Extending the “Tonight Show” analogy, KABC has since adapted its lineup for a younger, more Jay Leno-like feel. Last August the station dropped the afternoon drive-time sports show hosted by Steve Edwards and replaced it with the fast-talking, wisecracking Peter Tilden, a former morning-drive time personality on a classic rock station. The aim was clear: to compete with KFI for a younger, FM-oriented audience that heretofore had not been big listeners of talk radio.

Some people at KABC and others in the industry say that KABC’s changes have been too few and too late in coming. Some say that KABC did not take KFI seriously enough until very recently.

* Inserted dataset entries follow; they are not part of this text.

Lemma mxquad_schur_le t v : mxquad (schur X) v <= mxquad X (row_mx t%:M v).
Proof.
rewrite mxquad_complete_square ?posX.1 // lerDl.
by rewrite mulr_ge0 ?sqr_ge0 ?ltW ?posdef_pivot_gt0.
Qed.

Lemma mxquad_schur_min v :
  mxquad (schur X) v = mxquad X (row_mx (- ((pivot_row X *m v^T) 0 0 / pivot X))%:M v).
Proof. by rewrite mxquad_complete_square ?posX.1 // addNr expr0n mulr0 addr0. Qed.

Lemma posdef_schur : posdef (schur X).
Proof.
split=> [|v v0]; first by rewrite schur_sym ?posX.1.
rewrite mxquad_schur_min; apply: posX.2.
by rewrite row_mx_scalar_eq0 (negbTE v0) andbF.
Qed.

Lemma det_schur : \det X = pivot X * \det (schur X).
Proof.
have defX : X = block_mx 1%:M 0 ((pivot X)^-1 *: (pivot_row X)^T) 1%:M *m
              block_mx (pivot X)%:M (pivot_row X) 0 (schur X).
  rewrite mulmx_block {1}(sym_blockE posX.1) !mul1mx !mul0mx !addr0.
  rewrite mul_mx_scalar scalerA mulfV // scale1r.
  by rewrite /schur -scalemxAl addrC subrK.
by rewrite {1}defX det_mulmx det_lblock det_ublock !det1 det_scalar1 !mul1r.
Qed.

End Posdef.

Lemma eq_sym_schur X Y : X^T = X -> Y^T = Y -> pivot X = pivot Y ->
  pivot_row X = pivot_row Y -> schur X = schur Y -> X = Y.
Proof.
move=> sX sY eqp eqr eqS; rewrite (sym_blockE sX) (sym_blockE sY) eqp eqr.
have drsubE (Z : 'M[R]_(1 + n)) : drsubmx Z =
    schur Z + (pivot Z)^-1 *: ((pivot_row Z)^T *m pivot_row Z).
  by rewrite subrK.
by rewrite (drsubE X) (drsubE Y) eqS eqp eqr.
Qed.

End SchurComplement.

Lemma det_posdef_gt0 (R : realFieldType) n (A : 'M[R]_n) : posdef A -> 0 < \det A.
Proof.
elim: n A => [|n IH] A posA; first by rewrite det_mx00.
have posA' : posdef (A : 'M[R]_(1 + n)) := posA.
rewrite (det_schur posA') mulr_gt0 ?posdef_pivot_gt0 //.
exact/IH/posdef_schur.
Qed.

Lemma eq_factors_of_ler_pM (R : numDomainType) (a a' d d' : R) :
  0 < a -> a <= a' -> 0 < d -> d <= d' -> a * d = a' * d' -> a = a' /\ d = d'.
Proof.
move=> a0 aa' d0 dd' e.
have d'0 : 0 < d' := lt_le_trans d0 dd'.
have e1 : a * d = a * d'.
  by apply/eqP; rewrite eq_le ler_pM2l // e ler_pM2r // dd' aa'.
have e2 : d = d' by apply: (mulfI (lt0r_neq0 a0)).
by split=> //; apply: (mulIf (lt0r_neq0 d'0)); rewrite -e e2.
Qed.

Lemma det_loewner_mono (R : realFieldType) n (X Y : 'M[R]_n) :
  posdef X -> posdef Y -> (forall v, mxquad Y v <= mxquad X v) ->
  \det Y <= \det X /\ (\det Y = \det X -> Y = X).
Proof.
elim: n X Y => [|n IH] X Y posX posY YleX.
  by rewrite !det_mx00; split=> // _; apply/matrixP => -[].
have posX' : posdef (X : 'M[R]_(1 + n)) := posX.
have posY' : posdef (Y : 'M[R]_(1 + n)) := posY.
have pY := posdef_pivot_gt0 posY'.
have pYleX : pivot (Y : 'M[R]_(1 + n)) <= pivot (X : 'M[R]_(1 + n)).
  by have := YleX (row_mx 1%:M 0); rewrite !mxquad_row_mx ?posX'.1 ?posY'.1 //
    !mxquad0 trmx0 !mulmx0 mxE expr1n !mulr1 !mulr0 !addr0.
have SYleX v : mxquad (schur (Y : 'M[R]_(1 + n))) v <= mxquad (schur X) v.
  by rewrite (mxquad_schur_min posX' v); apply: le_trans (YleX _); apply: mxquad_schur_le.
have [detSle detSeq] := IH _ _ (posdef_schur posX') (posdef_schur posY') SYleX.
have dSY := det_posdef_gt0 (posdef_schur posY').
rewrite (det_schur posX') (det_schur posY').
split=> [|/(eq_factors_of_ler_pM pY pYleX dSY detSle) [eqp /detSeq eqS]].
  exact: ler_pM (ltW pY) (ltW dSY) pYleX detSle.
apply: (eq_sym_schur posY'.1 posX'.1 eqp _ eqS); apply: eq_row_dot => v.
set a := pivot (X : 'M[R]_(1 + n)).
set qX := (pivot_row (X : 'M[R]_(1 + n)) *m v^T) 0 0.
set qY := (pivot_row (Y : 'M[R]_(1 + n)) *m v^T) 0 0.
have := YleX (row_mx (- (qX / a))%:M v).
rewrite -(mxquad_schur_min posX' v) mxquad_complete_square ?posY'.1 ?gt_eqF //.
rewrite eqS eqp -/a -/qY gerDl => sq_le0.
have : (- (qX / a) + qY / a) ^+ 2 == 0.
  by rewrite eq_le sqr_ge0 andbT -(pmulr_rle0 _ (posdef_pivot_gt0 posX')).
rewrite sqrf_eq0 addrC subr_eq0 => /eqP.
by move/(mulIf (invr_neq0 (lt0r_neq0 (posdef_pivot_gt0 posX')))).
Qed.

Lemma AGM_ord (R : realFieldType) k (E : 'I_k.+1 -> R) : (forall i, 0 < E i) ->
  (k.+1)%:R ^+ k.+1 * \prod_i E i <= (\sum_i E i) ^+ k.+1 /\
  ((k.+1)%:R ^+ k.+1 * \prod_i E i = (\sum_i E i) ^+ k.+1 -> forall i, E i = E ord0).
Proof.
move=> E0; have [] := @leif_AGM_scaled R _ predT E (fun i _ => mulrn_wge0 _ (ltW (E0 i))).
rewrite card_ord prodrMn_const card_ord -mulr_natl natrX => -> eqE; split=> // e.
move: eqE; rewrite e eqxx => /esym/forallP allE i.
by have /forallP/(_ ord0)/eqP := allE i.
Qed.

Lemma posdef_sum (R : realFieldType) n k (B : 'I_k.+1 -> 'M[R]_n) :
  (forall i, posdef (B i)) -> posdef (\sum_i B i).
Proof.
move=> posB; split.
  apply/matrixP => r c; rewrite mxE !summxE; apply: eq_bigr => i _.
  by rewrite -[in RHS](posB i).1 mxE.
move=> v v0; rewrite mxquad_sum big_ord_recl.
apply: (lt_le_trans ((posB ord0).2 v v0)); rewrite lerDl sumr_ge0 // => i _.
exact: ltW ((posB _).2 v v0).
Qed.

Section SumOfPosdef.
Variables (R : realFieldType) (n k : nat) (B : 'I_k.+1 -> 'M[R]_(1 + n)).
Hypothesis posB : forall i, posdef (B i).
Let T := \sum_i B i.
Let posT : posdef T := posdef_sum posB.

Lemma pivot_sum : pivot T = \sum_i pivot (B i).
Proof. by rewrite /pivot /T !mxE summxE; apply: eq_bigr => i _; rewrite !mxE. Qed.

Lemma det_sum_schur : \det T = (\sum_i pivot (B i)) * \det (schur T).
Proof. by rewrite (det_schur posT) pivot_sum. Qed.

Lemma prod_det_schur :
  \prod_i \det (B i) = \prod_i pivot (B i) * \prod_i \det (schur (B i)).
Proof. by rewrite -big_split; apply: eq_bigr => i _; rewrite det_schur. Qed.

Lemma mxquad_sum_schur_le v :
  mxquad (\sum_i schur (B i)) v <= mxquad (schur T) v.
Proof.
rewrite (mxquad_schur_min posT v) !mxquad_sum.
by apply: ler_sum => i _; apply: mxquad_schur_le.
Qed.

Lemma det_sum_schur_le :
  \det (\sum_i schur (B i)) <= \det (schur T) /\
  (\det (\sum_i schur (B i)) = \det (schur T) -> \sum_i schur (B i) = schur T).
Proof.
apply: det_loewner_mono (posdef_schur posT) _ mxquad_sum_schur_le.
by apply: posdef_sum => i; apply: posdef_schur.
Qed.

(* Equality forces every [B i] to be minimised, in its first coordinate, at the
   same point as [T], which pins down the ratio of pivot row to pivot. *)
Lemma pivot_row_sum_schur_eq : \sum_i schur (B i) = schur T ->
  forall i, pivot_row (B i) = (pivot (B i) / pivot T) *: pivot_row T.
Proof.
move=> eqS i; apply: eq_row_dot => v; rewrite -scalemxAl [RHS]mxE.
set t := - ((pivot_row T *m v^T) 0 0 / pivot T).
have gap_ge0 j : 0 <= mxquad (B j) (row_mx t%:M v) - mxquad (schur (B j)) v.
  by rewrite subr_ge0 mxquad_schur_le.
have /psumr_eq0P gap_eq0 :
    \sum_j (mxquad (B j) (row_mx t%:M v) - mxquad (schur (B j)) v) = 0.
  by rewrite sumrB -!mxquad_sum eqS (mxquad_schur_min posT v) subrr.
have pBi_neq0 : pivot (B i) != 0 by rewrite gt_eqF ?posdef_pivot_gt0.
have /eqP := gap_eq0 (fun j _ => gap_ge0 j) i isT.
rewrite mxquad_complete_square ?(posB i).1 // addrC addKr.
rewrite mulf_eq0 (negbTE pBi_neq0) /= sqrf_eq0 addr_eq0 => /eqP /oppr_inj ratio.
by rewrite -(divfK pBi_neq0 (_ 0 0)) -ratio; ring.
Qed.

“One of the keys to KFI’s success was staying with their game plan,” said Ron Rodrigues, managing editor of Radio and Records, an industry trade publication. “People over at KABC privately told me that they did not take the challenge by KFI very seriously.”

KABC’s Green denied the allegation. “I took them seriously from the first day they went talk because before that we had (the talk-radio market) all to ourselves,” he said.

But later he said: “We don’t respond to them. We’re not reacting to anything they did. We operate our radio station independently. I don’t think about KFI. I don’t listen to KFI. I don’t change programming because of competition. You make changes because you have to, because it’s time, not because of the competition.”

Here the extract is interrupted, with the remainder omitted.